What to do>
Search the listing below for the line containing "have [e_idem ann_uk] := ann_u k.". From there through the line containing "move=> reg metS", transcribe every line exactly, both ends included.

Recorded information>
(* Let $A$ be a regular ring and $S$ a metrizable subset of an $A$-module $M$. Then the set $\mathrm{conv}(S)=\{a_{1}x_{1}+\cdots+a_{n}x_{n}: n\ge1,\ x_{i}\in S,\ a_{i}\in B(A),\ a_1\oplus\cdots\oplus a_n=1\}$ is also a metrizable subset of $M$.
   Context: A regular ring is a commutative (unital) von Neumann regular ring. $B(A)$ is the set of idempotents of $A$; for pairwise disjoint idempotents $a_1,\dots,a_n$ ($a_ia_j=0$ for $i\ne j$), $a_1\oplus\cdots\oplus a_n$ denotes their sum. A subset $S$ of an $A$-module is metrizable if for all $x,y\in S$ the annihilator $\mathrm{Ann}(x-y)=\{a\in A: a(x-y)=0\}$ is a principal ideal of $A$. *)

From HB Require Import structures.
From mathcomp Require Import all_boot all_order all_algebra.
Set Implicit Arguments. Unset Strict Implicit. Unset Printing Implicit Defensive.
Import GRing.Theory.
Local Open Scope ring_scope.

Definition regular_ring (A : comPzRingType) : Prop :=
  forall a : A, exists x : A, a = a * a * x.

Definition idempotent (A : comPzRingType) (a : A) : Prop := a * a = a.

Definition ann_principal (A : comPzRingType) (M : lmodType A) (v : M) : Prop :=
  exists g : A, forall a : A, a *: v = 0 <-> exists r : A, a = r * g.

Definition metrizable (A : comPzRingType) (M : lmodType A) (S : M -> Prop) : Prop :=
  forall x y : M, S x -> S y -> ann_principal (x - y).

Definition conv (A : comPzRingType) (M : lmodType A) (S : M -> Prop) (z : M) : Prop :=
  exists (n : nat) (a : 'I_n -> A) (x : 'I_n -> M),
    (1 <= n)%N /\
    (forall i, S (x i)) /\
    (forall i, idempotent (a i)) /\
    (forall i j, i != j -> a i * a j = 0) /\
    \sum_(i < n) a i = 1 /\
    z = \sum_(i < n) a i *: x i.

From Pilot Require Import Defs.
From HB Require Import structures.
From mathcomp Require Import all_boot all_order all_algebra.
Set Implicit Arguments. Unset Strict Implicit. Unset Printing Implicit Defensive.
Import GRing.Theory.
Local Open Scope ring_scope.

(* In a regular ring every principal ideal gA is generated by an idempotent
   (e = gx where g = ggx), so Ann(u) principal means Ann(u) = {a | ae = a}
   for an idempotent e.  The heart of the proof is a local criterion: if
   c_1 + ... + c_m = 1 and c_k v = c_k u_k with every Ann(u_k) generated by
   an idempotent e_k, then Ann(v) is generated by c_1 e_1 + ... + c_m e_m.
   For z = sum_i a_i x_i and w = sum_j b_j y_j in conv(S), the products
   a_i b_j form a partition of unity indexed by pairs (i, j), and
   a_i b_j (z - w) = a_i b_j (x_i - y_j) because the a_i (resp. b_j) are
   orthogonal idempotents; the criterion applied to u_(i,j) = x_i - y_j
   then gives the theorem. *)

Section Annihilators.
Variables (A : comPzRingType) (M : lmodType A).

Definition ann_idempotent (v : M) (e : A) : Prop :=
  Defs.idempotent e /\ forall a : A, a *: v = 0 <-> a * e = a.

Lemma ann_principal_idempotent (v : M) :
  regular_ring A -> ann_principal v -> exists e : A, ann_idempotent v e.
Proof.
move=> reg [g ann_g]; have [x g_gx] := reg g.
exists (g * x); split.
  by rewrite /Defs.idempotent mulrA -[g * x * g]mulrC !mulrA -g_gx.
move=> a; split=> [/ann_g [r ->] | <-].
  by rewrite -[r * g * (g * x)]mulrA [g * (g * x)]mulrA -g_gx.
by apply/ann_g; exists (a * x); rewrite -mulrA [x * g]mulrC mulrA.
Qed.

Lemma ann_principal_local (I : finType) (c e : I -> A) (u : I -> M) (v : M) :
  \sum_k c k = 1 -> (forall k, c k *: v = c k *: u k) ->
  (forall k, ann_idempotent (u k) (e k)) -> ann_principal v.
Proof.
move=> sum_c cv_cu ann_u; exists (\sum_k c k * e k) => a; split.
  move=> av0; exists a.
  have ace_ac k : a * c k * e k = a * c k.
    apply/(proj2 (ann_u k)).
    by rewrite -scalerA -cv_cu scalerA mulrC -scalerA av0 scaler0.
  rewrite mulr_sumr -{1}[a]mulr1 -sum_c mulr_sumr.
  by apply: eq_bigr => k _; rewrite mulrA ace_ac.
have ceu0 k : (c k * e k) *: u k = 0.
  have [e_idem ann_uk] := ann_u k.
  by rewrite -scalerA (proj2 (ann_uk _) e_idem) scaler0.
move=> [r ->]; rewrite -scalerA scaler_suml big1 ?scaler0 // => k _.
by rewrite mulrC -scalerA cv_cu scalerA mulrC ceu0.
Qed.

Lemma scale_orthogonal_sum n (a : 'I_n -> A) (x : 'I_n -> M) (i : 'I_n) :
  (forall k, Defs.idempotent (a k)) -> (forall k l, k != l -> a k * a l = 0) ->
  a i *: \sum_(k < n) a k *: x k = a i *: x i.
Proof.
move=> a_idem a_orth; rewrite scaler_sumr (bigD1 i) //= scalerA a_idem.
by rewrite big1 ?addr0 // => k k_i; rewrite scalerA a_orth ?scale0r // eq_sym.
Qed.

End Annihilators.

Lemma sum_product_partition (A : comPzRingType) (I J : finType)
    (a : I -> A) (b : J -> A) :
  \sum_i a i = 1 -> \sum_j b j = 1 -> \sum_(p : I * J) a p.1 * b p.2 = 1.
Proof.
move=> sum_a sum_b; rewrite -(pair_bigA _ (fun i j => a i * b j)) /=.
rewrite -[1]mulr1 -{1}sum_a -sum_b mulr_suml.
by apply: eq_bigr => i _; rewrite mulr_sumr.
Qed.

Theorem mainTheorem17 (A : comPzRingType) (M : lmodType A) (S : M -> Prop) :
  regular_ring A -> metrizable S -> metrizable (conv S).
Proof.
move=> reg metS z w [n [a [x [_ [Sx [a_idem [a_orth [sum_a ->]]]]]]]]
  [m [b [y [_ [Sy [b_idem [b_orth [sum_b ->]]]]]]]].
have [e ann_e] : exists e : 'I_n * 'I_m -> A,
    forall p, ann_idempotent (x p.1 - y p.2) (e p).
  apply: (fin_all_exists (fun p : 'I_n * 'I_m =>
    ann_principal_idempotent reg (metS _ _ (Sx p.1) (Sy p.2)))).
apply: (ann_principal_local (sum_product_partition sum_a sum_b) _ ann_e).
move=> [i j] /=; rewrite !scalerBr; congr (_ - _).
  by rewrite mulrC -scalerA scale_orthogonal_sum // scalerA mulrC.
by rewrite -scalerA scale_orthogonal_sum // scalerA.
Qed.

Solution to this problem>
  have [e_idem ann_uk] := ann_u k.
  by rewrite -scalerA (proj2 (ann_uk _) e_idem) scaler0.
move=> [r ->]; rewrite -scalerA scaler_suml big1 ?scaler0 // => k _.
by rewrite mulrC -scalerA cv_cu scalerA mulrC ceu0.
Qed.

Lemma scale_orthogonal_sum n (a : 'I_n -> A) (x : 'I_n -> M) (i : 'I_n) :
  (forall k, Defs.idempotent (a k)) -> (forall k l, k != l -> a k * a l = 0) ->
  a i *: \sum_(k < n) a k *: x k = a i *: x i.
Proof.
move=> a_idem a_orth; rewrite scaler_sumr (bigD1 i) //= scalerA a_idem.
by rewrite big1 ?addr0 // => k k_i; rewrite scalerA a_orth ?scale0r // eq_sym.
Qed.

End Annihilators.

Lemma sum_product_partition (A : comPzRingType) (I J : finType)
    (a : I -> A) (b : J -> A) :
  \sum_i a i = 1 -> \sum_j b j = 1 -> \sum_(p : I * J) a p.1 * b p.2 = 1.
Proof.
move=> sum_a sum_b; rewrite -(pair_bigA _ (fun i j => a i * b j)) /=.
rewrite -[1]mulr1 -{1}sum_a -sum_b mulr_suml.
by apply: eq_bigr => i _; rewrite mulr_sumr.
Qed.

Theorem mainTheorem17 (A : comPzRingType) (M : lmodType A) (S : M -> Prop) :
  regular_ring A -> metrizable S -> metrizable (conv S).
Proof.
move=> reg metS z w [n [a [x [_ [Sx [a_idem [a_orth [sum_a ->]]]]]]]]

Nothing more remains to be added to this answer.